Possible N. cornuta ortholog of fibL
Neither FibH nor FibL-like proteins were detected in the silk proteins of N. cornuta. To investigate this aspect further, we employed the BLAST algorithm to thoroughly examine the transcriptome and genome sequences of N. cornuta, as well as the genome sequence of M. aruncella. We identified a distantly related sequence resembling fibL, named fibX, and organized it into six exons. When comparing the protein encoded by fibX with other FibL proteins from Lepidoptera and Trichoptera, we observed that the similarity was notably low (Fig. S2). The fibX protein shares only 25–28% identity with other fibL genes. Notably, we did not find any fibL-like gene in the genome of M. aruncella.
To assess the conservation of synteny in the genomic regions harboring fibL in Lepidoptera and Trichoptera, we analyzed the corresponding sequences in several representatives of both taxa. We examined the genomes of four moths and one caddisfly (B. mori, I. masculella, M. aruncella, N. cornuta, and Himalopsyche kuldschensis). Our analysis revealed that in the species studied, the fibL gene is on the same contig/chromosome as several conserved genes, including dynein regulatory complex subunit 4 (DRC4) and histone deacetylase 11 (HDAC11). However, the order of these genes is not conserved, preventing us from identifying the exact location of FibL in micropterigids. Notably, the fibX gene in N. cornuta is located on the same contig as DRC4 and HDAC11, suggesting that fibX could be an ortholog of fibL, which has undergone significant divergence. Additional data from micropterigids are needed to confirm that fibX is an ortholog of fibL.

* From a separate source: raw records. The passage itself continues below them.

(* Let $K\subset\mathbb{R}^n$ be a closed convex set with diameter $d$, and let $r$ be the largest radius of a Euclidean ball fully contained in $K$. Then the LSE is minimax optimal (i.e. $\varepsilon_K(\sigma)\lesssim\varepsilon^*(\sigma)$) whenever $\sigma\lesssim r/\sqrt n$ or $\sigma\gtrsim d$.
   Context: Gaussian sequence model: $Y=\mu+\xi$, $\mu\in K$, $\xi\sim N(0,\sigma^2\mathbb{I}_n)$; LSE $\hat\mu=\operatorname{argmin}_{\nu\in K}\|Y-\nu\|_2^2$; $\varepsilon_K(\sigma)^2=\sup_{\mu\in K}\mathbb{E}_\mu\|\hat\mu-\mu\|_2^2$. $M(\eta,T)$: maximal cardinality of a subset of $T$ with pairwise distances $>\eta$; $M^{\mathrm{loc}}(\varepsilon)=\sup_{\theta\in K}M(\varepsilon/c^*,B(\theta,\varepsilon)\cap K)$ for a large absolute constant $c^*$ ($B$ the closed Euclidean ball); $\varepsilon^*(\sigma)=\sup\{\varepsilon:\varepsilon^2/\sigma^2\le\log M^{\mathrm{loc}}(\varepsilon)\}$, whose square is up to constants the minimax risk over $K$. $\lesssim,\gtrsim$ hide absolute constants. *)

From HB Require Import structures.
From mathcomp Require Import all_boot all_order all_algebra.
From mathcomp Require Import all_classical all_reals all_analysis.
Set Implicit Arguments. Unset Strict Implicit. Unset Printing Implicit Defensive.
Import Order.TTheory GRing.Theory Num.Theory.
Local Open Scope classical_set_scope.
Local Open Scope ring_scope.

Section defs.
Variables (R : realType) (n : nat).
Implicit Types (x y : 'rV[R]_n) (K T : set 'rV[R]_n).

Definition enorm x : R := Num.sqrt (\sum_(i < n) x ord0 i ^+ 2).
Definition edist x y : R := enorm (x - y).

Definition eball x (rho : R) : set 'rV[R]_n := [set y | edist y x <= rho].

Definition convex_set_e K : Prop :=
  forall x y (t : R), K x -> K y -> 0 <= t <= 1 -> K (t *: x + (1 - t) *: y).

Definition diam K : \bar R :=
  ereal_sup [set (edist x y)%:E | x in K & y in K].

Definition inradius K : \bar R :=
  ereal_sup [set rho%:E | rho in [set rho : R | 0 <= rho /\
                                   exists c, eball c rho `<=` K]].

Definition packing (eta : R) T : \bar R :=
  ereal_sup [set (size s)%:R%:E | s in [set s : seq 'rV[R]_n |
     uniq s /\ (forall x, x \in s -> T x) /\
     (forall x y, x \in s -> y \in s -> x != y -> eta < edist x y)]].

Definition Mloc (cstar : R) K (eps : R) : \bar R :=
  ereal_sup [set packing (eps / cstar) (eball theta eps `&` K) | theta in K].

Definition elog (a : \bar R) : \bar R :=
  match a with
  | r%:E => if (0 < r)%R then (ln r)%:E else -oo
  | +oo => +oo
  | -oo => -oo
  end%E.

Loss of FibH and the loss or divergence of FibL is specific for Micropterigidae
Is the absence of FibH specific to the family Micropterigidae or does it also apply to other Lepidoptera? For the subsequent analysis, we chose two representative species from the family Eriocraniidae in the suborder Eriocranoidea, which is known by its basal split from other Lepidoptera 18. We generated transcriptomes of the final-instar larvae of both Eriocraniidae species and performed BLAST searches to identify homologous sequences of fibH and fibL genes. We successfully identified sequences similar to those of fibH and fibL in both eriocraniid species. The resulting alignments of putative FibH and FibL proteins with sequences of several homologs in both Lepidoptera and Trichoptera are shown in Figs. 4 and S1, respectively. Both proteins contain conserved sequences that are characteristic of fibroins. Our results suggest that the absence of fibH and substantial divergence or loss of fibL are specific to Micropterigidae.